» EXCERPTED DATA:
Lemma del_graph_sub u v : adj (del_graph g X) u v -> adj g u v.
Proof. by rewrite adj_del_graph => /and3P []. Qed.

Lemma del_rel_sym : symmetric (del_rel g X).
Proof. by move=> u v; rewrite /del_rel adj_sym // andbCA. Qed.

Lemma del_graph_simple : simple_graph (del_graph g X).
Proof.
apply/andP; split; apply/forallP => u; rewrite ?adj_del_graph /del_rel ?adj_irr ?andbF //.
by apply/forallP => v; rewrite !adj_del_graph del_rel_sym.
Qed.

Lemma root_del_edge u v : adj (del_graph g X) u v ->
  fingraph.root (del_rel g X) u = fingraph.root (del_rel g X) v.
Proof.
by rewrite adj_del_graph => uv; apply/(fingraph.rootP (sym_connect_sym del_rel_sym))/connect1.
Qed.

Lemma connect_del_rel_in u v : u \in X -> connect (del_rel g X) u v -> v = u.
Proof. by move=> uX /connectP [[|w p] /=]; [move=> _ -> | rewrite /del_rel uX]. Qed.

Lemma partition_comps : partition (comps g X) (~: X).
Proof.
have csym := sym_connect_sym del_rel_sym.
apply: equivalence_partitionP => u v w _ _ _; split; first exact: connect0.
by move=> uv; apply/idP/idP; apply: connect_trans; rewrite // csym.
Qed.

Lemma card_nonroots : #|nonroots g X| <= 2 * \sum_(C in comps g X) #|C|./2.
Proof.
have csym := sym_connect_sym del_rel_sym.
apply: leq_trans (card_partition_avoid partition_comps _ _) _.
- apply/subsetP => u; rewrite !inE; apply: contraR => /negbNE uX.
  by rewrite (connect_del_rel_in uX (connect_root _ u)).
- move=> _ /imsetP [u uX ->].
  exists (fingraph.root (del_rel g X) u); last by rewrite inE root_root // eqxx.
  move: uX; rewrite !inE connect_root andbT; apply: contra => rX.
  by rewrite (connect_del_rel_in rX (_ : connect _ _ u)) // csym connect_root.
rewrite big_distrr leq_sum // => C _.
by have := odd_double_half #|C|; case: (odd _) => /=; lia.
Qed.

End Components.

Lemma exists_labelling (T : finType) (W : {set T}) m : #|W| < m ->
  exists (f : T -> 'I_m) (z : 'I_m),
    (forall u, (f u == z) = (u \notin W)) /\ {in W &, injective f}.
Proof.
case: m => // m W_lt.
have index_lt u : u \in W -> (index u (enum W)).+1 < m.+1.
  by move=> uW; apply: leq_ltn_trans W_lt; rewrite cardE index_mem mem_enum.
pose lbl u : nat := if u \in W then (index u (enum W)).+1 else 0.
have lbl_lt u : lbl u < m.+1 by rewrite /lbl; case: ifP => // /index_lt.
exists (fun u => inord (lbl u)), ord0; split.
  by move=> u; rewrite -val_eqE /= inordK // /lbl; case: (u \in W).
move=> u v uW vW /(congr1 val); rewrite /= !inordK // /lbl uW vW => -[eq_uv].
by rewrite -(nth_index u (_ : u \in enum W)) ?mem_enum // eq_uv nth_index ?mem_enum.
Qed.

Lemma compress_components (T : finType) (g : {ffun T * T -> bool}) (X : {set T}) m :
  simple_graph g -> 2 * \sum_(C in comps g X) #|C|./2 < m ->
  exists h : {ffun 'I_m * 'I_m -> bool}, [/\ simple_graph h,
    #|arcs (del_graph g X)| <= #|arcs h| &
    forall l t, 1 < l -> 1 < t -> has_Klt h l t -> has_Klt g l t].
Proof.
move=> sg m_gt; set W := nonroots g X.
have [f [z [fz f_inj]]] := exists_labelling (leq_ltn_trans (card_nonroots X sg) m_gt).
have inW w : f w != z -> w \in W by rewrite fz negbK.
have f_inj_nz u v : f u != z -> f u = f v -> u = v.
  by move=> nz_u eq_uv; apply: f_inj; rewrite ?inW // -eq_uv.
have f_inj_class u v : fingraph.root (del_rel g X) u = fingraph.root (del_rel g X) v ->
    f u = f v -> u = v.
  move=> eq_r eq_uv; have [z_u|nz_u] := eqVneq (f u) z; last exact: f_inj_nz.
  have: (u \notin W) && (v \notin W) by rewrite -!fz -eq_uv z_u eqxx.
  by rewrite !inE !negbK => /andP [/eqP ru /eqP rv]; rewrite -ru -rv eq_r.
have sg' := del_graph_simple X sg.
have r_edge := root_del_edge sg (X := X).
exists (image_graph (del_graph g X) f); split.
- exact: image_graph_simple sg' r_edge f_inj_class.
- exact: image_graph_arcs sg' r_edge f_inj_class f_inj_nz.
- move=> l t l_gt1 t_gt1 /(image_graph_Klt sg' r_edge f_inj_class f_inj_nz l_gt1 t_gt1).
  exact/has_Klt_mono/del_graph_sub.
Qed.

Lemma card_arcs_split (T : finType) (g : {ffun T * T -> bool}) (X : {set T}) :
  simple_graph g ->
  #|arcs g| <= #|arcs (del_graph g X)| + 2 * (#|X| * #|~: X|) + (#|X| * #|X| - #|X|).
Proof.
move=> sg.
have sub : arcs g \subset arcs (del_graph g X) :|:
    (setX X (~: X) :|: setX (~: X) X :|: [set p in setX X X | p.1 != p.2]).
  apply/subsetP => -[u v]; rewrite !inE /= adj_del_graph /del_rel => uv.
  case uX: (u \in X); case vX: (v \in X); rewrite /= ?uv ?orbT //.
  by apply: contraTneq uv => ->; rewrite adj_irr.
apply: leq_trans (subset_leq_card sub) _.
rewrite !cardsU !cardsX card_offdiag; lia.
Qed.

Lemma xG_witness (T : finType) (g : {ffun T * T -> bool}) s :
  0 < xG g s -> exists2 X : {set T}, admissible g s X & #|X| = xG g s.
Proof.
rewrite /xG; have [adm0|] := posnP #|admissible g s|.
  by rewrite big_pred0 // => X; apply: (card0_eq adm0).
by case/(eq_bigmax_cond (fun X : {set T} => #|X|)) => X admX ->; exists X.
Qed.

» WHAT YOU NEED TO DO: Copy out every line from the data above in which the word "last" occurs.

» RESPONSE FOR THIS EXERCISE:
  exists (fingraph.root (del_rel g X) u); last by rewrite inE root_root // eqxx.
  move=> eq_r eq_uv; have [z_u|nz_u] := eqVneq (f u) z; last exact: f_inj_nz.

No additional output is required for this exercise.